Regular Audits and Rebalancing
Treat your multiple accounts as parts of a whole:
- Conduct monthly or quarterly audits of all accounts
- Be sure your overall asset allocation aligns with your strategy (rebalance if necessary)
This approach helps maintain alignment with your trading goals.
Who Should Consider Multiple Trading Accounts?
Active Traders
If you make numerous trades daily or weekly, multiple accounts can offer:
- Backup options during platform outages
- Access to different order types and execution speeds
- Ability to capitalize on various fee structures
- Access to other features (e.g., leverage/margin)
- Product/service access (e.g., futures, cash management)

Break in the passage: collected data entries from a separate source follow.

(* Let $\Sigma=\{\mathtt{a},\mathtt{b},\mathtt{c}\}$. Define $F_0=\mathtt{a}$, $F_1=\mathtt{ab}$, and $F_i=F_{i-1}\cdot F_{i-2}$ for $i\ge 2$. Then the language $L_{\mathsf{fib}}=\{\mathtt{c}F_0\mathtt{c}F_1\mathtt{c}\cdots\mathtt{c}F_n\mathtt{c} : n\in\mathbb{N}\}$ belongs to $\mathcal{L}(\mathsf{FC})$.
   Context: For $w \in \Sigma^*$, $\mathsf{Facs}(w)$ is the set of all factors of $w$. The structure $\mathfrak{A}_w$ representing $w$ has universe $\mathsf{Facs}(w)\cup\{\perp\}$, a ternary relation $R_\circ=\{(x,y,z)\in\mathsf{Facs}(w)^3 : x=y\cdot z\}$, for each letter a constant interpreted as that letter if it occurs in $w$ and as $\perp$ otherwise, and a constant $\varepsilon$ interpreted as the empty word. $\mathsf{FC}$ is first-order logic over such structures, with atomic formulas $(x \mathbin{\dot=} y\cdot z)$ (meaning $R_\circ(x,y,z)$) where $x,y,z$ are variables, letters of $\Sigma$, or $\varepsilon$, closed under $\land,\lor,\neg,\exists,\forall$; quantified variables range over $\mathsf{Facs}(w)$. For a sentence $\varphi$, $\mathcal{L}(\varphi)=\{w\in\Sigma^*:\mathfrak{A}_w\models\varphi\}$, and $\mathcal{L}(\mathsf{FC})$ is the class of all such languages. *)

From HB Require Import structures.
From mathcomp Require Import all_boot.
Set Implicit Arguments. Unset Strict Implicit. Unset Printing Implicit Defensive.

Inductive letter := La | Lb | Lc.

Definition letter_eqb (x y : letter) : bool :=
  match x, y with
  | La, La | Lb, Lb | Lc, Lc => true
  | _, _ => false
  end.
Lemma letter_eqP : Equality.axiom letter_eqb.
Proof. by case; case; constructor. Qed.
HB.instance Definition _ := hasDecEq.Build letter letter_eqP.

Definition word := seq letter.

Definition is_factor (u w : word) : bool := infix u w.

Inductive fc_term := TVar of nat | TLet of letter | TEps.

Inductive fc_formula :=
| FCat of fc_term & fc_term & fc_term   (* (x =. y . z) *)
| FAnd of fc_formula & fc_formula
| FOr  of fc_formula & fc_formula
| FNot of fc_formula
| FEx  of nat & fc_formula
| FAll of nat & fc_formula.

Definition term_fv (t : fc_term) : seq nat :=
  if t is TVar n then [:: n] else [::].

Fixpoint fv (f : fc_formula) : seq nat :=
  match f with
  | FCat x y z => term_fv x ++ term_fv y ++ term_fv z
  | FAnd f g | FOr f g => fv f ++ fv g
  | FNot f => fv f
  | FEx n f | FAll n f => filter (fun m => m != n) (fv f)
  end.

Definition sentence (f : fc_formula) : Prop := fv f = [::].

(* Elements of the universe Facs(w) ∪ {⊥}: None is ⊥. *)
Definition valuation := nat -> word.

Definition upd (s : valuation) (n : nat) (u : word) : valuation :=
  fun m => if m == n then u else s m.

Definition eval_term (w : word) (s : valuation) (t : fc_term) : option word :=
  match t with
  | TVar n => Some (s n)
  | TLet a => if a \in w then Some [:: a] else None
  | TEps => Some [::]
  end.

Those with Multiple Strategies or Needs
Those trading multiple asset classes might benefit from specialized platforms:
- Stock-focused brokers for equity trades
- Forex-specific platforms for currency trading
- Crypto exchanges for digital asset investments
Professional Money Managers
If you’re managing money for others, multiple accounts are often necessary:
- Separate personal and client funds
- Meet different clients’ needs with specialized platforms
- Ensure proper risk management and compliance
When to Stick with a Single Account
New Traders
If you’re just starting out, focus on mastering one platform:
- Learn the basics of trading without added complexity
- Build a track record before expanding
- Understand your trading style and needs
Limited Capital
With smaller amounts to invest, a single account often makes more sense:
- Meet minimum balance requirements
- For day traders in the US, consider the $25,000 Pattern Day Trader rule
- Qualify for volume discounts
- Simplify portfolio management
- If you want leverage, this is easier when your balance is higher
Time-Constrained Investors
If you can’t dedicate significant time to trading, keep it simple:
- Focus on a single, comprehensive platform
- Reduce administrative overhead
- Streamline your trading/investment process
Making the Decision
Assessment Questions
Ask yourself:
- What are my trading goals?
- How much capital do I have to work with?

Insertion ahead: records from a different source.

(* Assume the system is IFS$_m$, with a controller $\Psi$ of kind (2) whose closed loop satisfies $\|\phi(k,\sigma,x_0,\Psi)\|\le C\gamma^k\|x_0\|$ for all $x_0,\sigma,k$, where $C>1$, $\gamma\in[0,1)$. Define $V:\mathbb{R}^n\to\mathbb{R}$ by $$V(x_0)=\inf_{\Psi'\in\mathcal{C}_m}\ \sup_{\sigma\in\Sigma^\omega}\ \sum_{k=0}^{\infty}\|\phi(k,\sigma,x_0,\Psi')\|,$$ where $\mathcal{C}_m$ is the set of all functions $\mathcal{H}_-\to\mathbb{R}^m$. Then $\|x_0\|\le V(x_0)\le \frac{C}{1-\gamma}\|x_0\|$ for all $x_0\in\mathbb{R}^n$, and $V$ is a norm on $\mathbb{R}^n$ (positive definite, absolutely homogeneous of degree 1, i.e. $V(\lambda x)=|\lambda|V(x)$ for all $\lambda\in\mathbb{R}$, and subadditive); in particular $V$ is convex and continuous.
   Context: Let $\Sigma$ be a finite nonempty set and $\{(A_i,B_i)\in\mathbb{R}^{n\times n}\times\mathbb{R}^{n\times m} : i\in\Sigma\}$. Consider $x(k+1)=A_{\sigma(k)}x(k)+B_{\sigma(k)}u(k)$, $k\in\mathbb{N}=\{0,1,\dots\}$, with arbitrary switching signal $\sigma:\mathbb{N}\to\Sigma$ (set of all such: $\Sigma^\omega$). $\|\cdot\|$ is the Euclidean norm. $\mathcal{H}_-$ is the set of all tuples $(x_k,\dots,x_0;\,i_{k-1},\dots,i_0)$ with $k\in\mathbb{N}$, $x_j\in\mathbb{R}^n$, $i_j\in\Sigma$ (mode string empty when $k=0$). For a function $\Psi:\mathcal{H}_-\to\mathbb{R}^m$ (a current-mode-independent controller with memory), $\phi(k,\sigma,x_0,\Psi)$ denotes the closed-loop trajectory defined by $x(0)=x_0$ and $x(k+1)=A_{\sigma(k)}x(k)+B_{\sigma(k)}\Psi(x(k),\dots,x(0);\,\sigma(k-1),\dots,\sigma(0))$. The system is IFS$_m$ if there exists such $\Psi$ and constants $M>0,\gamma\in[0,1)$ with $\|\phi(k,\sigma,x_0,\Psi)\|\le M\gamma^k\|x_0\|$ for all $x_0\in\mathbb{R}^n,\sigma\in\Sigma^\omega,k\in\mathbb{N}$. *)

From HB Require Import structures.
From mathcomp Require Import all_boot all_order all_algebra.
From mathcomp Require Import all_classical all_reals all_analysis.
Set Implicit Arguments. Unset Strict Implicit. Unset Printing Implicit Defensive.
Import Order.TTheory GRing.Theory Num.Theory.
Import numFieldNormedType.Exports.
Local Open Scope classical_set_scope.
Local Open Scope ring_scope.

Section SwitchedDefs.
Variables (R : realType) (Sig : finType) (n m : nat).

Definition enorm (x : 'cV[R]_n) : R := Num.sqrt (\sum_(i < n) (x i 0) ^+ 2).

(* An element of H_- : (x_k,...,x_0 ; i_{k-1},...,i_0), stored time-indexed:
   the first function maps j (0 <= j <= k) to x_j, the second maps
   j (0 <= j < k) to i_j. *)
Definition history : Type :=
  {k : nat & (('I_k.+1 -> 'cV[R]_n) * ('I_k -> Sig))%type}.

(* current-mode-independent controllers with memory: C_m = all maps H_- -> R^m *)
Definition controller : Type := history -> 'cV[R]_m.

Variables (A : Sig -> 'M[R]_n) (B : Sig -> 'M[R]_(n, m)).

Definition hist_of (sigma : nat -> Sig) (k : nat) (s : seq 'cV[R]_n) : history :=
  existT _ k ((fun j : 'I_k.+1 => nth 0 s (k - j)%N),
              (fun j : 'I_k => sigma (nat_of_ord j))).

(* trajs k = [x(k); x(k-1); ...; x(0)] of the closed loop *)
Fixpoint trajs (Psi : controller) (sigma : nat -> Sig) (x0 : 'cV[R]_n) (k : nat)
  : seq 'cV[R]_n :=
  match k with
  | 0 => [:: x0]
  | k'.+1 =>
      let s := trajs Psi sigma x0 k' in
      (A (sigma k') *m head 0 s + B (sigma k') *m Psi (hist_of sigma k' s)) :: s
  end.

Definition phi (k : nat) (sigma : nat -> Sig) (x0 : 'cV[R]_n) (Psi : controller)
  : 'cV[R]_n := head 0 (trajs Psi sigma x0 k).

Definition cost (x0 : 'cV[R]_n) (Psi : controller) (sigma : nat -> Sig) : \bar R :=
  (\sum_(0 <= k <oo) (enorm (phi k sigma x0 Psi))%:E)%E.

Definition Vext (x0 : 'cV[R]_n) : \bar R :=
  ereal_inf (range (fun Psi : controller => ereal_sup (range (cost x0 Psi)))).

(* real-valued V (finite by the theorem) *)
Definition V (x0 : 'cV[R]_n) : R := fine (Vext x0).

End SwitchedDefs.

(* The heart of the proof is superposition.  The switched system is linear and a
   controller with memory sees the past modes, so it can replay the closed loops
   of two controllers Psi1, Psi2 started at x1, x2 and apply a1 Psi1 + a2 Psi2;
   from a1 x1 + a2 x2 the state is then a1 phi1 + a2 phi2 for every switching
   signal.  With near-optimal Psi1, Psi2 this gives
   V (a1 x1 + a2 x2) <= |a1| V x1 + |a2| V x2, hence homogeneity, subadditivity
   and convexity.  The k = 0 term of the cost gives |x| <= V x, the given
   controller gives V x <= C / (1 - gamma) |x| by summing the geometric bound,
   and a subadditive function dominated by a norm is Lipschitz. *)

From HB Require Import structures.
From mathcomp Require Import all_boot all_order all_algebra.
From mathcomp Require Import all_classical all_reals all_analysis.
From mathcomp Require Import ring lra.
Import Order.TTheory GRing.Theory Num.Theory.
Import numFieldNormedType.Exports.
Local Open Scope classical_set_scope.
Local Open Scope ring_scope.

Lemma cauchy_schwarz_sum (R : realFieldType) (I : finType) (a b : I -> R) :
  (\sum_i a i * b i) ^+ 2 <= (\sum_i a i ^+ 2) * (\sum_i b i ^+ 2).
Proof.
set A := \sum_i a i ^+ 2; set Bs := \sum_i b i ^+ 2; set D := \sum_i a i * b i.
have B0 : 0 <= Bs by apply: sumr_ge0 => i _; exact: sqr_ge0.
have [Bs0|Bs_neq0] := eqVneq Bs 0.
  have b0 i : b i = 0.
    apply/eqP; rewrite -sqrf_eq0; apply/eqP.
    move/eqP: Bs0; rewrite psumr_eq0; last by move=> j _; exact: sqr_ge0.
    by move/allP => /(_ i (mem_index_enum _)) /eqP.
  by rewrite /D big1 ?expr0n ?Bs0 ?mulr0 // => i _; rewrite b0 mulr0.
have Bs_gt0 : 0 < Bs by rewrite lt_def Bs_neq0 B0.
have : 0 <= \sum_i (Bs * a i - D * b i) ^+ 2 by apply: sumr_ge0 => i _; exact: sqr_ge0.
have -> : \sum_i (Bs * a i - D * b i) ^+ 2 = Bs * (A * Bs - D ^+ 2).
  rewrite (eq_bigr (fun i =>
    Bs ^+ 2 * a i ^+ 2 + (- (2 * Bs * D)) * (a i * b i) + D ^+ 2 * b i ^+ 2));
    last by move=> i _; ring.
  rewrite !big_split /= -!mulr_sumr -/A -/Bs -/D; ring.
by rewrite pmulr_rge0 // subr_ge0.
Qed.

Section EuclideanNorm.
Variables (R : realType) (n : nat).
Implicit Types (x y : 'cV[R]_n) (l : R).

Lemma enorm_ge0 x : 0 <= enorm x.
Proof. exact: sqrtr_ge0. Qed.

Lemma enormZ l x : enorm (l *: x) = `|l| * enorm x.
Proof.
rewrite /enorm (eq_bigr (fun i => l ^+ 2 * x i 0 ^+ 2)); last first.
  by move=> i _; rewrite mxE exprMn.
by rewrite -mulr_sumr sqrtrM ?sqr_ge0 // sqrtr_sqr.
Qed.

Lemma enormN x : enorm (- x) = enorm x.
Proof. by rewrite -scaleN1r enormZ normrN normr1 mul1r. Qed.

Lemma enorm_gt0 x : x != 0 -> 0 < enorm x.
Proof.
move=> x_neq0; rewrite /enorm sqrtr_gt0.
have [i xi_neq0] : exists i, x i 0 != 0.
  apply/existsP; apply: contraNT x_neq0 => /existsPn x0.
  apply/eqP/matrixP => i j; rewrite mxE ord1.
  by move/negPn/eqP: (x0 i).
rewrite (bigD1 i) //= ltr_pwDl ?sqr_ge0 //; first by rewrite lt_def sqr_ge0 sqrf_eq0 xi_neq0.
by apply: sumr_ge0 => k _; exact: sqr_ge0.
Qed.

Lemma enormD x y : enorm (x + y) <= enorm x + enorm y.
Proof.
rewrite /enorm.
set a := fun i : 'I_n => x i 0; set b := fun i : 'I_n => y i 0.
rewrite (eq_bigr (fun i => a i ^+ 2 + 2 * (a i * b i) + b i ^+ 2)); last first.
  by move=> i _; rewrite mxE /a /b; ring.
rewrite !big_split /= -mulr_sumr.
set A := \sum_i a i ^+ 2; set Bs := \sum_i b i ^+ 2; set D := \sum_i a i * b i.
have A0 : 0 <= A by apply: sumr_ge0 => i _; exact: sqr_ge0.
have B0 : 0 <= Bs by apply: sumr_ge0 => i _; exact: sqr_ge0.
have D_le : D <= Num.sqrt A * Num.sqrt Bs.
  rewrite -sqrtrM // (le_trans (ler_norm D)) // -sqrtr_sqr ler_sqrt ?mulr_ge0 //.
  exact: cauchy_schwarz_sum.
have sA := sqrtr_ge0 A; have sB := sqrtr_ge0 Bs.
rewrite -[leRHS]ger0_norm ?addr_ge0 // -sqrtr_sqr ler_sqrt ?sqr_ge0 //.
rewrite sqrrD !sqr_sqrtr //; lra.
Qed.

Lemma enorm_le_mx_norm x : enorm x <= Num.sqrt n%:R * `|x|.
Proof.
rewrite /enorm -[X in _ <= _ * X]ger0_norm // -sqrtr_sqr -sqrtrM // ler_sqrt; last first.
  by rewrite mulr_ge0 ?sqr_ge0.
have coord_le i : x i 0 ^+ 2 <= `|x| ^+ 2.
  rewrite -real_normK ?num_real // lerXn2r ?nnegrE // [leRHS]mx_normrE.
  exact: (le_bigmax _ (fun ij => `|x ij.1 ij.2|) (i, 0)).
apply: le_trans (ler_sum _ (fun i _ => coord_le i)) _.
by rewrite sumr_const card_ord mulr_natl.
Qed.

End EuclideanNorm.

Arguments enorm_ge0 {R n}.
Arguments enormZ {R n}.
Arguments enormN {R n}.
Arguments enorm_gt0 {R n}.
Arguments enormD {R n}.
Arguments enorm_le_mx_norm {R n}.

Section SublinearFunction.
Variables (R : numFieldType) (U : lmodType R) (f : U -> R).
Hypothesis f_sublinear :
  forall a b x y, f (a *: x + b *: y) <= `|a| * f x + `|b| * f y.

Lemma sublinear_subadditive x y : f (x + y) <= f x + f y.
Proof. by have := f_sublinear 1 1 x y; rewrite !scale1r normr1 !mul1r. Qed.

Lemma sublinear0 : f 0 = 0.
Proof.
apply/le_anti/andP; split.
  by have := f_sublinear 0 0 0 0; rewrite !scale0r addr0 normr0 !mul0r addr0.
by have := sublinear_subadditive 0 0; rewrite addr0 lerDl.
Qed.

Lemma sublinear_homogeneous l x : f (l *: x) = `|l| * f x.
Proof.
have f_scale_le k z : f (k *: z) <= `|k| * f z.
  by have := f_sublinear k 0 z z; rewrite scale0r addr0 normr0 mul0r addr0.
have [->|l_neq0] := eqVneq l 0; first by rewrite scale0r normr0 mul0r sublinear0.
apply/le_anti; rewrite f_scale_le /=.
have := f_scale_le l^-1 (l *: x); rewrite scalerA mulVf // scale1r normfV => fx_le.
by rewrite -ler_pdivlMl ?normr_gt0.
Qed.

Lemma sublinear_convex x y t : 0 <= t -> t <= 1 ->
  f (t *: x + (1 - t) *: y) <= t * f x + (1 - t) * f y.
Proof.
move=> t0 t1; have := f_sublinear t (1 - t) x y.
by rewrite !ger0_norm ?subr_ge0.
Qed.

End SublinearFunction.

Arguments sublinear_subadditive {R U f}.
Arguments sublinear0 {R U f}.
Arguments sublinear_homogeneous {R U f}.
Arguments sublinear_convex {R U f}.

Lemma subadditive_dist_le (R : realDomainType) (U : zmodType) (f N : U -> R) :
  (forall x y, f (x + y) <= f x + f y) -> (forall z, f z <= N z) ->
  (forall z, N (- z) = N z) -> forall x y, `|f x - f y| <= N (x - y).
Proof.
move=> f_sub f_le N_sym x y; rewrite ler_norml; apply/andP; split.
  have := f_sub x (y - x); rewrite addrC subrK.
  have := f_le (y - x); rewrite -opprB N_sym; lra.
have := f_sub y (x - y); rewrite addrC subrK.
have := f_le (x - y); lra.
Qed.

Lemma lipschitz_continuous (R : realFieldType) (U : normedModType R) (f : U -> R) (K : R) :
  0 <= K -> (forall x y, `|f x - f y| <= K * `|x - y|) -> continuous f.
Proof.
move=> K0 f_lip x; apply/cvgrPdist_lt => e e_gt0.
have d_gt0 : 0 < e / (K + 1) by rewrite divr_gt0 // ltr_wpDl.
have := @near_ball _ _ x _ d_gt0; apply: filterS => y; rewrite -ball_normE /= => xy_lt.
apply: le_lt_trans (f_lip x y) _.
apply: le_lt_trans (_ : _ <= (K + 1) * `|x - y|) _.
  by rewrite ler_wpM2r ?normr_ge0 ?lerDl.
by rewrite -ltr_pdivlMl ?ltr_wpDl // mulrC.
Qed.

Section ClosedLoop.
Variables (R : realType) (Sig : finType) (n m : nat).
Variables (A : Sig -> 'M[R]_n) (B : Sig -> 'M[R]_(n, m)).
Implicit Types (Psi : controller R Sig n m) (sigma : nat -> Sig) (x : 'cV[R]_n).

Lemma phi0 Psi sigma x : phi A B 0 sigma x Psi = x.
Proof. by []. Qed.

Lemma phiS Psi sigma x k :
  phi A B k.+1 sigma x Psi = A (sigma k) *m phi A B k sigma x Psi +
    B (sigma k) *m Psi (hist_of sigma k (trajs A B Psi sigma x k)).
Proof. by []. Qed.

Lemma hist_of_prefix {s1 s2 : nat -> Sig} {k} (s : seq 'cV[R]_n) :
  (forall j, (j < k)%N -> s1 j = s2 j) -> hist_of s1 k s = hist_of s2 k s.
Proof.
by move=> s12; rewrite /hist_of; congr existT; congr pair; apply: funext => j; apply: s12.
Qed.

Lemma trajs_prefix Psi {s1 s2 : nat -> Sig} x {k} :
  (forall j, (j < k)%N -> s1 j = s2 j) -> trajs A B Psi s1 x k = trajs A B Psi s2 x k.
Proof.
elim: k => [//|k IHk] s12 /=.
have s12' j : (j < k)%N -> s1 j = s2 j by move=> jk; apply: s12; exact: ltnW.
by rewrite IHk // (hist_of_prefix _ s12') s12.
Qed.

(* Only the modes before time [k] matter; [s0] merely makes the signal total. *)
Definition extend_modes (s0 : Sig) {k} (md : 'I_k -> Sig) : nat -> Sig :=
  fun j => if insub j is Some o then md o else s0.

Lemma extend_modesE (s0 : Sig) sigma k j : (j < k)%N ->
  extend_modes s0 (fun o : 'I_k => sigma o) j = sigma j.
Proof. by move=> jk; rewrite /extend_modes insubT. Qed.

Definition superpose (s0 : Sig) (a1 a2 : R) Psi1 Psi2 (x1 x2 : 'cV[R]_n) :
    controller R Sig n m :=
  fun h => let: existT k (_, md) := h in
    let sigma := extend_modes s0 md in
    a1 *: Psi1 (hist_of sigma k (trajs A B Psi1 sigma x1 k)) +
    a2 *: Psi2 (hist_of sigma k (trajs A B Psi2 sigma x2 k)).

Lemma phi_superpose s0 a1 a2 Psi1 Psi2 x1 x2 sigma k :
  phi A B k sigma (a1 *: x1 + a2 *: x2) (superpose s0 a1 a2 Psi1 Psi2 x1 x2) =
  a1 *: phi A B k sigma x1 Psi1 + a2 *: phi A B k sigma x2 Psi2.
Proof.
elim: k => [//|k IHk]; rewrite !phiS IHk /=.
have prefix j : (j < k)%N -> extend_modes s0 (fun o : 'I_k => sigma o) j = sigma j.
  exact: extend_modesE.
rewrite !(trajs_prefix _ _ prefix) !(hist_of_prefix _ prefix).
rewrite !mulmxDr -!scalemxAr !scalerDr.
by rewrite -!addrA; congr (_ + _); rewrite addrCA; congr (_ + _); rewrite addrC.
Qed.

- How much time can I dedicate to trading?
- What types of assets do I want to trade?
- How important is platform specialization for my strategy?
Start Small and Scale
If you decide to use multiple accounts:
- Begin with two accounts maximum
- Clearly define the purpose of each account
- Be sure you can manage both effectively
- Add more accounts only when necessary and manageable
Regular Evaluation
Continuously understand whether multiple accounts are serving your needs:
- Review account performance quarterly
- Evaluate the time spent on account management
- Consider consolidating if the complexity outweighs the benefits
Conclusion
The decision to maintain multiple trading accounts is highly personal and depends on your individual circumstances.
It offers advantages in terms of risk management and specialization, but it also comes with added complexity and responsibility.
Carefully consider your trading goals, available capital, and time commitment to make an informed decision that aligns with your trading/investment strategy.
The number of accounts you have is less important than how effectively you use them to achieve your trading objectives.